** ABOUT THIS TASK **
Word for word, transcribe the data below from the line with "by rewrite exprS; field." to the line with "rewrite !prefixE size_rcons;", keeping both of those lines.

** Dataset entries **
========
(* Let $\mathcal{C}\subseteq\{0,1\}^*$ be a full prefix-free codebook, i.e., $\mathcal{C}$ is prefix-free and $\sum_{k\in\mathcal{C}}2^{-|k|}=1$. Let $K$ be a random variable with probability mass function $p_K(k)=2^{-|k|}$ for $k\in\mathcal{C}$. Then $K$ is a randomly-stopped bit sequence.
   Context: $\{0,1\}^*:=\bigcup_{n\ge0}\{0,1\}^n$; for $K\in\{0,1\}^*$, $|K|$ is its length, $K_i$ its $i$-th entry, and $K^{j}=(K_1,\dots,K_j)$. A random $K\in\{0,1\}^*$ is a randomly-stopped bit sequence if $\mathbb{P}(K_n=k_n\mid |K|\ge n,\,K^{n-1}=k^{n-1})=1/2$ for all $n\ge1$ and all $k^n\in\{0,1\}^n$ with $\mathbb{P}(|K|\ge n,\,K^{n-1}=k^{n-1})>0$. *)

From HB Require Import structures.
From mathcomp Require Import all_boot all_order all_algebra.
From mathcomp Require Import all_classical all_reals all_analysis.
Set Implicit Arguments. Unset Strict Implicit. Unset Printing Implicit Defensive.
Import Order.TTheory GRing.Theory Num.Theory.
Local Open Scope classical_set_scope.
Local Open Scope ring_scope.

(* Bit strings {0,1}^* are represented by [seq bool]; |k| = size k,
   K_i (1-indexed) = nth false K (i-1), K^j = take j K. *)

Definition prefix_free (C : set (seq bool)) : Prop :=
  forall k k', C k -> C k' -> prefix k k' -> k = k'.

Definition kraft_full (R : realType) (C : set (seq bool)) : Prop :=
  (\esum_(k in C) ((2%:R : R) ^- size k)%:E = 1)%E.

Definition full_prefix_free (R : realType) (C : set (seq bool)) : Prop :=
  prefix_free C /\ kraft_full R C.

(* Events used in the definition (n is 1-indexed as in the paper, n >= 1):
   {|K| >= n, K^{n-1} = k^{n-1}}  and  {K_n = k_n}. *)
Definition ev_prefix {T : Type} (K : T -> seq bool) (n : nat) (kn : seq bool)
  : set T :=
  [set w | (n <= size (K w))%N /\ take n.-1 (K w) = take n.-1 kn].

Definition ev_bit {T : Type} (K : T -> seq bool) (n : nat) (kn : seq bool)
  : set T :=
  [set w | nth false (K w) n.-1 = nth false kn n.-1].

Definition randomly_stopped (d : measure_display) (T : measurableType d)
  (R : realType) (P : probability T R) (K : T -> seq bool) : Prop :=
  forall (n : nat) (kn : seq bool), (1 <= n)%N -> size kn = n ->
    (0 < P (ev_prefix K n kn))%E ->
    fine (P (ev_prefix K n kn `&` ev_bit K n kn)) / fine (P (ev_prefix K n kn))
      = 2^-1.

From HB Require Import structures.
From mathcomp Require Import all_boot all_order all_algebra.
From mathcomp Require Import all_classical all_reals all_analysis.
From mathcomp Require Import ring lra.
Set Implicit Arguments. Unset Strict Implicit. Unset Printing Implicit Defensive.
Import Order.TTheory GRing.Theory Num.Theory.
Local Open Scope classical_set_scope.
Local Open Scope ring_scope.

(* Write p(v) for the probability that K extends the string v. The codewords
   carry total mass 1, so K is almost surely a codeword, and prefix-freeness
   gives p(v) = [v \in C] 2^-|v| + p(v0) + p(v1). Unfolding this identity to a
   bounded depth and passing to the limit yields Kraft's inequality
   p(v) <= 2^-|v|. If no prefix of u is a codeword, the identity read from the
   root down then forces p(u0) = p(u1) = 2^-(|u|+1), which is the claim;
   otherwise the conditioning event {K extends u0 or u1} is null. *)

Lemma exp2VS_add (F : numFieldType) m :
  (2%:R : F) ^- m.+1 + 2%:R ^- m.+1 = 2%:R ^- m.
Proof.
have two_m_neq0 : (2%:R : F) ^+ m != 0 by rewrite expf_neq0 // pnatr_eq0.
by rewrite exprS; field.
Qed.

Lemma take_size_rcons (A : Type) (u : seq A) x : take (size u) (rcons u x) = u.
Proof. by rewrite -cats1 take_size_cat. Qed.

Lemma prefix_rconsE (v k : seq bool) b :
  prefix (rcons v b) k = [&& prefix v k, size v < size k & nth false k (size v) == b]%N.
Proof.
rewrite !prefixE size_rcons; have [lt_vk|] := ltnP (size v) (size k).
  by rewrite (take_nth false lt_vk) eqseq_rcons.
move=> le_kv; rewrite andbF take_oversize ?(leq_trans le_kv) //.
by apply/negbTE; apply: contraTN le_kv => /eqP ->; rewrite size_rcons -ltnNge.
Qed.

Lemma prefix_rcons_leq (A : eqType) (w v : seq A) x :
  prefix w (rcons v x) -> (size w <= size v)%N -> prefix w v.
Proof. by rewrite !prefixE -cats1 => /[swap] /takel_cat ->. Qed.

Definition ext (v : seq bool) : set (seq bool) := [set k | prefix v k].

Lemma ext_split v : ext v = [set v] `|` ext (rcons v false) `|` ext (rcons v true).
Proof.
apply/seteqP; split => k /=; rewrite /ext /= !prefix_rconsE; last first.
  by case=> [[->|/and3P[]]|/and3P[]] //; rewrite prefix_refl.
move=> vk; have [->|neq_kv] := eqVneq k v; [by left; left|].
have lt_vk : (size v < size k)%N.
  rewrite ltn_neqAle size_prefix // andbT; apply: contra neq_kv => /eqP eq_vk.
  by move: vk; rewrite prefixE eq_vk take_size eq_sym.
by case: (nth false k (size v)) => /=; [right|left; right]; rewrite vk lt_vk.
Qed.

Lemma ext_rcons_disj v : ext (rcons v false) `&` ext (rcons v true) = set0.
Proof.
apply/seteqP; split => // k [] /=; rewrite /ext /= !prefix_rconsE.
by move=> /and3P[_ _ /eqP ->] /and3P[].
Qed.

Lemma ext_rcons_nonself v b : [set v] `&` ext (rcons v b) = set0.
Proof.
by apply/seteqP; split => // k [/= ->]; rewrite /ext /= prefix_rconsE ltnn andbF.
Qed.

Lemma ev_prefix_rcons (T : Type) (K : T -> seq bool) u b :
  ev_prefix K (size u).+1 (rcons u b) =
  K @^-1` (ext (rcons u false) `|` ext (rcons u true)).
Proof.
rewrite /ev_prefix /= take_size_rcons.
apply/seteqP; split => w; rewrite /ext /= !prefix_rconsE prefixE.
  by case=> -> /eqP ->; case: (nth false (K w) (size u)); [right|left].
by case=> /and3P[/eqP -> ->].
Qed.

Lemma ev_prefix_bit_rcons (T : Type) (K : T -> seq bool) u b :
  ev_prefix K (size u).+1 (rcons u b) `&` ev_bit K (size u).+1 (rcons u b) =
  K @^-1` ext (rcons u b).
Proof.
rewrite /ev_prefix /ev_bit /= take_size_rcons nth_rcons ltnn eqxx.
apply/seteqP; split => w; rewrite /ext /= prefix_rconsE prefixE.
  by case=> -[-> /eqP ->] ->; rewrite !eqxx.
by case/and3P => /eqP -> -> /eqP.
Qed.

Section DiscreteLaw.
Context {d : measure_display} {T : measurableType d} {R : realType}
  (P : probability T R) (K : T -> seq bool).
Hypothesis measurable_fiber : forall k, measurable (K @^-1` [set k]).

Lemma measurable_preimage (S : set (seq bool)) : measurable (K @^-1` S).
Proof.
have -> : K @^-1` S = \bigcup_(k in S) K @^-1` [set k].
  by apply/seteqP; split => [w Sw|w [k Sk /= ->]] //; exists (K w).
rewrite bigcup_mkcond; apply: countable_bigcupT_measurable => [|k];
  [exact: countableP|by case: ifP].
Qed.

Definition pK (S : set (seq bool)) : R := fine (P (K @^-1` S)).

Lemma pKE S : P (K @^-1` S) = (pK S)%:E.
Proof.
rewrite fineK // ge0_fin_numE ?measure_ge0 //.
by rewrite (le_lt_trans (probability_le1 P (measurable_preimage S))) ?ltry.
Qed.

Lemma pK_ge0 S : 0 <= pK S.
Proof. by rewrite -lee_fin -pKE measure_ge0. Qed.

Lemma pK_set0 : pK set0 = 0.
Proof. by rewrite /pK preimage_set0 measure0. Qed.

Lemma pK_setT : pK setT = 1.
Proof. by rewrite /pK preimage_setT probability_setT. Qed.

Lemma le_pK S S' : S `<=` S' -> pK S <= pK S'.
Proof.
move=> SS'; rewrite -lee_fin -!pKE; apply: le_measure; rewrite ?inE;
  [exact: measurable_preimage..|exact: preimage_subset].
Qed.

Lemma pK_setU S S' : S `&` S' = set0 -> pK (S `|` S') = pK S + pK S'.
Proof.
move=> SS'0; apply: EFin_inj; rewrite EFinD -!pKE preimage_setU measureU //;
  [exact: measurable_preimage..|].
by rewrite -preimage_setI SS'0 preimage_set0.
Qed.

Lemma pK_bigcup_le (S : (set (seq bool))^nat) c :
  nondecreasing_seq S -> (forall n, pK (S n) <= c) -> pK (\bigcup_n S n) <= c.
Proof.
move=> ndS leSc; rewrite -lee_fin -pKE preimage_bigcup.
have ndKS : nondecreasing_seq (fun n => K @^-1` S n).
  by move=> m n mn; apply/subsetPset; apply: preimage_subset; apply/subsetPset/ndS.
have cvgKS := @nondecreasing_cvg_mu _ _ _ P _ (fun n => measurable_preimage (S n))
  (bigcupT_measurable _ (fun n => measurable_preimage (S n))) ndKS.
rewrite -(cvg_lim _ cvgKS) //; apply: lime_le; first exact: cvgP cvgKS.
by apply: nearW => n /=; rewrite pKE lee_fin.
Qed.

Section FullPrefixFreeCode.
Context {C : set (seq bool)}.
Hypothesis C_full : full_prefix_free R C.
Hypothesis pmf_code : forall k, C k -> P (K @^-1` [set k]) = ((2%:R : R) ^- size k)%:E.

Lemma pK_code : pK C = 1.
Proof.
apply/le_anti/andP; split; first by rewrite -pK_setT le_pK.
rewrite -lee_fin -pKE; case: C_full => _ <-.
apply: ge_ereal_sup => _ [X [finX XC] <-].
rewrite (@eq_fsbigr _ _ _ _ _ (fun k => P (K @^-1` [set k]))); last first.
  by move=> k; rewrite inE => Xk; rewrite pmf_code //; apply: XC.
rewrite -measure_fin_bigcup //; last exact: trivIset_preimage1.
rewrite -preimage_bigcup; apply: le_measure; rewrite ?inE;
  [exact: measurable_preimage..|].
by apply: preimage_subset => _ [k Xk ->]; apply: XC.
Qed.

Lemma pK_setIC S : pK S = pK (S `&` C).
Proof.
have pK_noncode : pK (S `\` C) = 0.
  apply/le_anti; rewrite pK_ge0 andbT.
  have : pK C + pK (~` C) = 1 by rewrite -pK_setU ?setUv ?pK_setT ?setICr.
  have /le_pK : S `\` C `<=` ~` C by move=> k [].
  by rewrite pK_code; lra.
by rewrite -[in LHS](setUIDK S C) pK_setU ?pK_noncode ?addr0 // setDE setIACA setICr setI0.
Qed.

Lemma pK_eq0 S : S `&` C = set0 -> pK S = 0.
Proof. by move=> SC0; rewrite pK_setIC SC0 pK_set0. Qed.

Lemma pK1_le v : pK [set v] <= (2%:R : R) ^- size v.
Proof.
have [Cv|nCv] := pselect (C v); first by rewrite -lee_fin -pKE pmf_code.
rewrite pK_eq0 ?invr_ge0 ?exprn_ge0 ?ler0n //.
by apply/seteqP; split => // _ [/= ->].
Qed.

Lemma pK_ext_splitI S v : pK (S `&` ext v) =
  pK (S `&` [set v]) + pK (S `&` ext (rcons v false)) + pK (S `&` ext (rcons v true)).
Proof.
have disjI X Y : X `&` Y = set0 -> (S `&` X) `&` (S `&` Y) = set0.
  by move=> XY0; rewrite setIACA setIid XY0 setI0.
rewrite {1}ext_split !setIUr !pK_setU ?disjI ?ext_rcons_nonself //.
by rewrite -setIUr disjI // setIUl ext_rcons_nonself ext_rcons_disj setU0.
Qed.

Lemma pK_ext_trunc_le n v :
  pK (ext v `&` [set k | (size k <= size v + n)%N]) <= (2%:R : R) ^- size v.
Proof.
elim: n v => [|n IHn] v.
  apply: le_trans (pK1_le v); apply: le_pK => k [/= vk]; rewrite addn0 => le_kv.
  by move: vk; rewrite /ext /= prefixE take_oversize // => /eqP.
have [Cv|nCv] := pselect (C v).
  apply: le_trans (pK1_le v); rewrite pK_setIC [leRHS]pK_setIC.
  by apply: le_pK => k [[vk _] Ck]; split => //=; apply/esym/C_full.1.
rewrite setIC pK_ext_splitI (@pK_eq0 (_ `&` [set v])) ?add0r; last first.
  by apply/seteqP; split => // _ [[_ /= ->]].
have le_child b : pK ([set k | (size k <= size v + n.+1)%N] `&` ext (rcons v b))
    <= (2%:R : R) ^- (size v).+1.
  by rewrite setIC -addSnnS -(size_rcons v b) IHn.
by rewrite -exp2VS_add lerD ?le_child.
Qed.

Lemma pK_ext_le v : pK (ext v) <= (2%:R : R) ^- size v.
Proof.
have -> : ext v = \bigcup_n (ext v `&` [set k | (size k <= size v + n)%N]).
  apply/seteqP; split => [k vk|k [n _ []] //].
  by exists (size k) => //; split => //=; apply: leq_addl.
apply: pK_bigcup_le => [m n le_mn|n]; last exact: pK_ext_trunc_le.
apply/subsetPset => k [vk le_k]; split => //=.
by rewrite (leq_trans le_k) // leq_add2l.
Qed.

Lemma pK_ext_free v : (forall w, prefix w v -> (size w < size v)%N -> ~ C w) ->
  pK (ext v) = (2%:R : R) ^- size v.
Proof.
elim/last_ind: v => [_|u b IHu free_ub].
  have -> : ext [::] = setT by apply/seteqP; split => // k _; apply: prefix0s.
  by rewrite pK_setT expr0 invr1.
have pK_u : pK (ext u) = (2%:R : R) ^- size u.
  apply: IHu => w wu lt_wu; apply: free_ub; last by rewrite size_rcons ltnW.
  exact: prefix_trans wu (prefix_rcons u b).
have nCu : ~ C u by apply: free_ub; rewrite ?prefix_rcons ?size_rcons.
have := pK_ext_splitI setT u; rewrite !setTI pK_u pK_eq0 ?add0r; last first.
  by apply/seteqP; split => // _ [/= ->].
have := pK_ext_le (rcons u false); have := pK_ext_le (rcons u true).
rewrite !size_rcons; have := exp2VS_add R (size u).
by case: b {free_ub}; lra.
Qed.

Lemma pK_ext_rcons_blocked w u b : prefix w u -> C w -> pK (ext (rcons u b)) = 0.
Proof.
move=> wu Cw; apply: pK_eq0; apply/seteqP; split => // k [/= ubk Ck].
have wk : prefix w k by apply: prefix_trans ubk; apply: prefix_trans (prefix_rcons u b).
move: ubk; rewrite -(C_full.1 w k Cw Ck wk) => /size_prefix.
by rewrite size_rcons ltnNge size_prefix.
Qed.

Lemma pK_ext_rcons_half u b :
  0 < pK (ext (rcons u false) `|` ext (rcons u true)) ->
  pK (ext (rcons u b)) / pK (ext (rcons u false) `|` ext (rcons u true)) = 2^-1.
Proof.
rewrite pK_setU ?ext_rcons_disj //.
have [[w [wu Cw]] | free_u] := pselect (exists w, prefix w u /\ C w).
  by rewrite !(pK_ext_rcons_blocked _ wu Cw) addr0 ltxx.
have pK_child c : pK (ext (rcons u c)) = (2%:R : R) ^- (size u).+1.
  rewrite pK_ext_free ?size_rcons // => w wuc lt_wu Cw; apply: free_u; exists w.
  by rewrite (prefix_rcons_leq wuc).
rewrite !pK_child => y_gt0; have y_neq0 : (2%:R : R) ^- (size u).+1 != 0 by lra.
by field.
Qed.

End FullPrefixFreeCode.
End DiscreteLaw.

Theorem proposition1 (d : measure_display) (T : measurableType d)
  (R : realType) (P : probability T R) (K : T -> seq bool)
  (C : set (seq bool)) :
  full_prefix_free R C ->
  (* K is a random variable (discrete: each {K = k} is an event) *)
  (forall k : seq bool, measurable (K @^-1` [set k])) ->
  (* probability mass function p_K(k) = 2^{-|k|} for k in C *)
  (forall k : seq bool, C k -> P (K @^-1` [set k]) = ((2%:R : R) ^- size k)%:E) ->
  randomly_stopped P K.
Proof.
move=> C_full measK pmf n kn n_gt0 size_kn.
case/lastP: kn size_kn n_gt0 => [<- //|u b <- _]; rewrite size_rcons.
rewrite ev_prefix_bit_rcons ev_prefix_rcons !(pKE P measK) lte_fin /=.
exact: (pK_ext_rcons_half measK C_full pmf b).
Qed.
========
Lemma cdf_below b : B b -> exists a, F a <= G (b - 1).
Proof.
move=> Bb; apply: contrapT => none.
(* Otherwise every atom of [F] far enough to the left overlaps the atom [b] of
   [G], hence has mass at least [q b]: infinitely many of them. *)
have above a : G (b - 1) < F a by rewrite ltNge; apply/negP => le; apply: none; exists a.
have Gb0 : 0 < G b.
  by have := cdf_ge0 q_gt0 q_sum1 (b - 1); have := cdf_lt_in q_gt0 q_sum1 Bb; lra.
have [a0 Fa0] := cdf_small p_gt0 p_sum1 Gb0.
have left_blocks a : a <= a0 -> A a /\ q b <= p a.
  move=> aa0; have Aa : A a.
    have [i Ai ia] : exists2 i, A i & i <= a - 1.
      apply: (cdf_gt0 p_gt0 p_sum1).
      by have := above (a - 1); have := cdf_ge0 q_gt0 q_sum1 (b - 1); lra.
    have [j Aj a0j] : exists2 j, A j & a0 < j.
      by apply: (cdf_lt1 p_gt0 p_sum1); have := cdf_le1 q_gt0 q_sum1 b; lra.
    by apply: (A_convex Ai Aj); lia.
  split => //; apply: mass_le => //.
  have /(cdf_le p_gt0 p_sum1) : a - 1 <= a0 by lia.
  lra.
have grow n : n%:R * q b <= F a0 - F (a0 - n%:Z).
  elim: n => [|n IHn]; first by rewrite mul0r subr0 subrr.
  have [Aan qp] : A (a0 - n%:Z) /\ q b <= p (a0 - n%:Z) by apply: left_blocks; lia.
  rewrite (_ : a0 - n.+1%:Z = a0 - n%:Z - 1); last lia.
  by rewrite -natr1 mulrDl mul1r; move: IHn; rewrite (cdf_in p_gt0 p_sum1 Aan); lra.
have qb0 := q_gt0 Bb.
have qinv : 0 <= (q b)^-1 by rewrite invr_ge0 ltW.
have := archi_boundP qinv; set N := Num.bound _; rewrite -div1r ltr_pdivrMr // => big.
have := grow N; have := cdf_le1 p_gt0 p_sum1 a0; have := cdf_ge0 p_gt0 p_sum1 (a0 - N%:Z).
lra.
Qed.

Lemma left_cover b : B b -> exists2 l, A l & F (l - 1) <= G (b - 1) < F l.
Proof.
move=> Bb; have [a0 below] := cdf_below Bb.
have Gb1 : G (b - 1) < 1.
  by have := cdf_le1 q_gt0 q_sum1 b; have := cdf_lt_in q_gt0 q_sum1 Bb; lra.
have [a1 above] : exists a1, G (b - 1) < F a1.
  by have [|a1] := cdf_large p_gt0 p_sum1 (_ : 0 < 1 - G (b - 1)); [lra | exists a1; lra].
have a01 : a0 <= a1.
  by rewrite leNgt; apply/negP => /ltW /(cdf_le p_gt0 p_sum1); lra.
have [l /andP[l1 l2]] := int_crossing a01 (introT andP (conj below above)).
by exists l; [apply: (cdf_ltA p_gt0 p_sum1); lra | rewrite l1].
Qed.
========
** TASK RESULT **
by rewrite exprS; field.
Qed.

Lemma take_size_rcons (A : Type) (u : seq A) x : take (size u) (rcons u x) = u.
Proof. by rewrite -cats1 take_size_cat. Qed.

Lemma prefix_rconsE (v k : seq bool) b :
  prefix (rcons v b) k = [&& prefix v k, size v < size k & nth false k (size v) == b]%N.
Proof.
rewrite !prefixE size_rcons; have [lt_vk|] := ltnP (size v) (size k).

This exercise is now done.